TASK TO CARRY OUT
For each line of the data below that holds "apply", copy the line.

SOURCE MATERIAL
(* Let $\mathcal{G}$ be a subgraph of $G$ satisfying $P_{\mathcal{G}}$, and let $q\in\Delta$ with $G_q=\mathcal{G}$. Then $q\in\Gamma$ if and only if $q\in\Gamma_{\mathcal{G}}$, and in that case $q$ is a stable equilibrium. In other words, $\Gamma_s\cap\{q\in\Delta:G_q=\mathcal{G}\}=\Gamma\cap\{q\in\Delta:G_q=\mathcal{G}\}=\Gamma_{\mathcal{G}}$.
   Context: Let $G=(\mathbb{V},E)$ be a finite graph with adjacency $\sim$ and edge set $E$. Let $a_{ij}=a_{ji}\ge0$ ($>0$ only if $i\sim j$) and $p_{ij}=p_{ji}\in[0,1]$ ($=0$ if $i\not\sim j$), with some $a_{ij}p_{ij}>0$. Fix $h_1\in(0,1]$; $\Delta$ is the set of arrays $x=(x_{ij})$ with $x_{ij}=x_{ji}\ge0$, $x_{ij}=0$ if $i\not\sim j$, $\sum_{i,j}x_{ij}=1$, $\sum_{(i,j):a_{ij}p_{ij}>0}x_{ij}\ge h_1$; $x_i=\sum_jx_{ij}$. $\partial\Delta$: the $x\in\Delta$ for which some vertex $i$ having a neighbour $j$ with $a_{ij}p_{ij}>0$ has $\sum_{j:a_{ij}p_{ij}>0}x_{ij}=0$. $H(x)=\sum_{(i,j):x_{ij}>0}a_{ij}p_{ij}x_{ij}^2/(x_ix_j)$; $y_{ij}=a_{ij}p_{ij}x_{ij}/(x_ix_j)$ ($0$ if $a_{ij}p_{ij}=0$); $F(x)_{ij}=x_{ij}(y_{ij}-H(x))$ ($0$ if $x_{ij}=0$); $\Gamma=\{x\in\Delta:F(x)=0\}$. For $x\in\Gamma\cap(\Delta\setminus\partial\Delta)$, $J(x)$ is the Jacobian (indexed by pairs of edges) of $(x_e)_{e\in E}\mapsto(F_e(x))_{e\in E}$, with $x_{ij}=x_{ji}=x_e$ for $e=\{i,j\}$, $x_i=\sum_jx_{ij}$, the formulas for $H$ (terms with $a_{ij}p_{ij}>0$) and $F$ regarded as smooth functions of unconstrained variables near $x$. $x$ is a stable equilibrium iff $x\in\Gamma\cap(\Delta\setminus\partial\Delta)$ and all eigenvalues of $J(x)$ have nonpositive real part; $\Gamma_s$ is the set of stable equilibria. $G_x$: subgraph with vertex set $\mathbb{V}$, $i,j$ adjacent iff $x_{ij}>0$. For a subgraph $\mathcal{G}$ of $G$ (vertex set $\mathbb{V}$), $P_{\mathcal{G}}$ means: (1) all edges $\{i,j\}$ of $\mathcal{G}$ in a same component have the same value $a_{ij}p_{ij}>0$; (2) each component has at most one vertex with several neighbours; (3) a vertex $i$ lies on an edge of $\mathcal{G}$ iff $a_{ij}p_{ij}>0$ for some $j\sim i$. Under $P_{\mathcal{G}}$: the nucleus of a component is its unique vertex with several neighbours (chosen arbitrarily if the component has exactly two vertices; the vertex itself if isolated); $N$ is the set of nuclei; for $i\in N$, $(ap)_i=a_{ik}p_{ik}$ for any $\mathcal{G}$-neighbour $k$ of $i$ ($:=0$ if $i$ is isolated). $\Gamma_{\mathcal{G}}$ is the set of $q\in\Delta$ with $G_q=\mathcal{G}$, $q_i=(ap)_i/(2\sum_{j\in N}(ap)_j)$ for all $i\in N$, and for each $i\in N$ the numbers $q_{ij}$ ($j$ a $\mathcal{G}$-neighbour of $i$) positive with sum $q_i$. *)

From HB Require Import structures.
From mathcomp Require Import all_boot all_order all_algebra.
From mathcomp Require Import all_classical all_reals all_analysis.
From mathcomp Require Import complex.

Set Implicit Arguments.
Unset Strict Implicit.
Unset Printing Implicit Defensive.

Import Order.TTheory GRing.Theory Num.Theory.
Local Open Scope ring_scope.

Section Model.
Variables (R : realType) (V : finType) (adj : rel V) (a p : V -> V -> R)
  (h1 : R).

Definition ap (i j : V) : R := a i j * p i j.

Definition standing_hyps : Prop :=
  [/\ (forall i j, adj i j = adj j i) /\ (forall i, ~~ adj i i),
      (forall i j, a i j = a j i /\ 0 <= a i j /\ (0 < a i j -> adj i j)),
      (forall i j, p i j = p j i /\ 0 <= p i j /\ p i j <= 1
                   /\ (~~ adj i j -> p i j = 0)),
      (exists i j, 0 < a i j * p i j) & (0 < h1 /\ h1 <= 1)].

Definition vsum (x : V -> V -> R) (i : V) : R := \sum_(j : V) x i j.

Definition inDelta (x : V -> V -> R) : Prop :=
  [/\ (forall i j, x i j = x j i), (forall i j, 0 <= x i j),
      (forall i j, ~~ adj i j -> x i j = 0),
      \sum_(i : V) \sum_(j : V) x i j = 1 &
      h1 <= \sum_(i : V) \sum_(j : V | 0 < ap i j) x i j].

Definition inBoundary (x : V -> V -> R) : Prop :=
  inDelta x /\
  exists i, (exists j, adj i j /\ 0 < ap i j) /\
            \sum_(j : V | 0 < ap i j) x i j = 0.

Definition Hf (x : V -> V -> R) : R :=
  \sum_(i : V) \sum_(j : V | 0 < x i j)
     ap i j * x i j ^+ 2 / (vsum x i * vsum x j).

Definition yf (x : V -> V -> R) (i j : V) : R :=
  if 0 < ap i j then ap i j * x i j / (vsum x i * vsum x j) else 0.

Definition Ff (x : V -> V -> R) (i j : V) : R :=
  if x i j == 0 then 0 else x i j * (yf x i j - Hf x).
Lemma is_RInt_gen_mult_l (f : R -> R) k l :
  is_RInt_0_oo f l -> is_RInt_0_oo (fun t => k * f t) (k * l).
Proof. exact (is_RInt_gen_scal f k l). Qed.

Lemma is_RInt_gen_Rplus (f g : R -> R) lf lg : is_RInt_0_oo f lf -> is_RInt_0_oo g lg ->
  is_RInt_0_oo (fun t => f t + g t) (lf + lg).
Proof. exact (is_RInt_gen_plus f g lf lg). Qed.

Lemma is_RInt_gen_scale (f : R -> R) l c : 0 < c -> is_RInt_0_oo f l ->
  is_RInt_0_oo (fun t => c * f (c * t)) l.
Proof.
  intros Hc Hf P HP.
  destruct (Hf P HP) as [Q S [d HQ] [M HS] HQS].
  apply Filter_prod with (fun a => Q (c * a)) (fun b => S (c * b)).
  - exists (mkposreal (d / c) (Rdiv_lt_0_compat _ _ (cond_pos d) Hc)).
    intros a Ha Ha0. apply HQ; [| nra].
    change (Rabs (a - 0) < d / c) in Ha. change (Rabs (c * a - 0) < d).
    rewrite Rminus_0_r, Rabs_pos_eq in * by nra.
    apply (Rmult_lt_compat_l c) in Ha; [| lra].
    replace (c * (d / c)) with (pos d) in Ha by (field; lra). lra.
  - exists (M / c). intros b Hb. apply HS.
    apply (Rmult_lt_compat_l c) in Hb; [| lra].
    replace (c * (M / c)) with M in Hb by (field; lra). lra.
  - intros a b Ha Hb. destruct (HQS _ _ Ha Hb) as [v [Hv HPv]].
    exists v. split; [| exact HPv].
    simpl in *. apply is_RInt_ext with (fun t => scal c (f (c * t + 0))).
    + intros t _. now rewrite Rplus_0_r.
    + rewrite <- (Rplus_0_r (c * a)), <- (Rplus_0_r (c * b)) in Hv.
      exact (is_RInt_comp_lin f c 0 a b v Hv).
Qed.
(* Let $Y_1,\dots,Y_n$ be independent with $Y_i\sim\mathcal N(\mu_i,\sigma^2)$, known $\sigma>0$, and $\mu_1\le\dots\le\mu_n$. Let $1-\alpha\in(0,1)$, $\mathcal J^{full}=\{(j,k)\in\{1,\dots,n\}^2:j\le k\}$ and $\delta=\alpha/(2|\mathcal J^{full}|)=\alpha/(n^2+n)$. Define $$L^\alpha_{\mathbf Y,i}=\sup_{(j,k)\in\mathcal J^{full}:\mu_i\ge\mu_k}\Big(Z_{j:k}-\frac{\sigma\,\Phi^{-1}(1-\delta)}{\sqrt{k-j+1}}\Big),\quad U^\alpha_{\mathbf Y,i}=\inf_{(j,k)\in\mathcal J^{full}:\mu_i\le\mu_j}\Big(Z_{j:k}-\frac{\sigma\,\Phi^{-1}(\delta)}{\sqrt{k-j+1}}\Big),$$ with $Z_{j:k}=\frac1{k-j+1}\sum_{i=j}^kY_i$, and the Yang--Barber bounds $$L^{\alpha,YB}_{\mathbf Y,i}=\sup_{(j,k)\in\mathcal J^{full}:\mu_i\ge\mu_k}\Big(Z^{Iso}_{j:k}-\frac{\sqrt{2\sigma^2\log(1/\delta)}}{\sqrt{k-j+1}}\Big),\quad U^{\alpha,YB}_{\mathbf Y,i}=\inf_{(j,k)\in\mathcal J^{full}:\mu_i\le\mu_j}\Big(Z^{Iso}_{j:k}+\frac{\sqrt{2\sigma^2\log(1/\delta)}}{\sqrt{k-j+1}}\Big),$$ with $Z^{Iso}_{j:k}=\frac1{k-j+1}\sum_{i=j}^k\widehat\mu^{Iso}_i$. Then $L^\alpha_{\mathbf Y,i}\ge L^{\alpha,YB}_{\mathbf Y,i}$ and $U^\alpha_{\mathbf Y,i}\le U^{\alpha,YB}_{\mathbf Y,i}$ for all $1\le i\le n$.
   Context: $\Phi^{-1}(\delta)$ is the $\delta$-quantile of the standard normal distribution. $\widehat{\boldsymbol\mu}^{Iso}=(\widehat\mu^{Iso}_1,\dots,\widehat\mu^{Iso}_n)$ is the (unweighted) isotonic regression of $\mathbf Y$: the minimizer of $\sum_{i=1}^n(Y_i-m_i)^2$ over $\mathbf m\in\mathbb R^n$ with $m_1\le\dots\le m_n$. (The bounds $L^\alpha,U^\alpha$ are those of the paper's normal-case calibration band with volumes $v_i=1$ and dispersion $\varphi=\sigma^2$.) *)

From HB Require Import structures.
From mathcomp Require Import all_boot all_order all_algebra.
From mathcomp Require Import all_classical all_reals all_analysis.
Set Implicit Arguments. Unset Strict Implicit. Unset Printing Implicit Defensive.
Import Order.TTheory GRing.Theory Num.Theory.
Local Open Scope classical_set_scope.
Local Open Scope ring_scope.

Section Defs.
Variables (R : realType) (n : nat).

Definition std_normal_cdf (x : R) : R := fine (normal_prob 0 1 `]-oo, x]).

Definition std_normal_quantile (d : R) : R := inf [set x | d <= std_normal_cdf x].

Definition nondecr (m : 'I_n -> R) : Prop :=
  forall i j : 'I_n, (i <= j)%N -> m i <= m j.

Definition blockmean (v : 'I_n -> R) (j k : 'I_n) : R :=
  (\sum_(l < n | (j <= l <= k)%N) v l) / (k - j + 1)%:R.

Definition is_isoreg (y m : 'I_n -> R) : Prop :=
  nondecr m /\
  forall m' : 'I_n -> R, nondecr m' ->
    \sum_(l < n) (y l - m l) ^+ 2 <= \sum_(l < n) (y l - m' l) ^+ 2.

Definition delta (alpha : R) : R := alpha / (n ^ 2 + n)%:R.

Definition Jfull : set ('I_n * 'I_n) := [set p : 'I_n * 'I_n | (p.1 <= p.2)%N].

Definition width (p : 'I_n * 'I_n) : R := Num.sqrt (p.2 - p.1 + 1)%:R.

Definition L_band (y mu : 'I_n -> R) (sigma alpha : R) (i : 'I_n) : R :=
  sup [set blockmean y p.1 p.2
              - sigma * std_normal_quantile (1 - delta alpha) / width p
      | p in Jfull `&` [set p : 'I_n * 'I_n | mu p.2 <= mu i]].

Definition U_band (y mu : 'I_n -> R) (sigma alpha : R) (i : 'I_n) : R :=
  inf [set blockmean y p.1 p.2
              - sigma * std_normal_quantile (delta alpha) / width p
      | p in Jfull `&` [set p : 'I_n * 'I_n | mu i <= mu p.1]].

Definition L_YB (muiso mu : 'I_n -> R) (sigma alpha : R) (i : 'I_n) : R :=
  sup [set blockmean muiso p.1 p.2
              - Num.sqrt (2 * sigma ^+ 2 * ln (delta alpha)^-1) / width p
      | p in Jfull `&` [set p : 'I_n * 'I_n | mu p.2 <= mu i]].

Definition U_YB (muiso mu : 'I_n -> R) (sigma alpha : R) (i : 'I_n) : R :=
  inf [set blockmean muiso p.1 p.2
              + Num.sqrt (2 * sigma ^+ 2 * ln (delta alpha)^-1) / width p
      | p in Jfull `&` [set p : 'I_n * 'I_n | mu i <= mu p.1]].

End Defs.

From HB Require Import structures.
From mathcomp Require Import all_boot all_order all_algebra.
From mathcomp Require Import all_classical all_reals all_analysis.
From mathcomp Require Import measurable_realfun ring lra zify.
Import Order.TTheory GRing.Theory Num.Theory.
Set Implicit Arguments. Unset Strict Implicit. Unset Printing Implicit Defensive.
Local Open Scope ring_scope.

RESULT OF THE EXERCISE
  apply Filter_prod with (fun a => Q (c * a)) (fun b => S (c * b)).
    intros a Ha Ha0. apply HQ; [| nra].
    apply (Rmult_lt_compat_l c) in Ha; [| lra].
  - exists (M / c). intros b Hb. apply HS.
    apply (Rmult_lt_compat_l c) in Hb; [| lra].
    simpl in *. apply is_RInt_ext with (fun t => scal c (f (c * t + 0))).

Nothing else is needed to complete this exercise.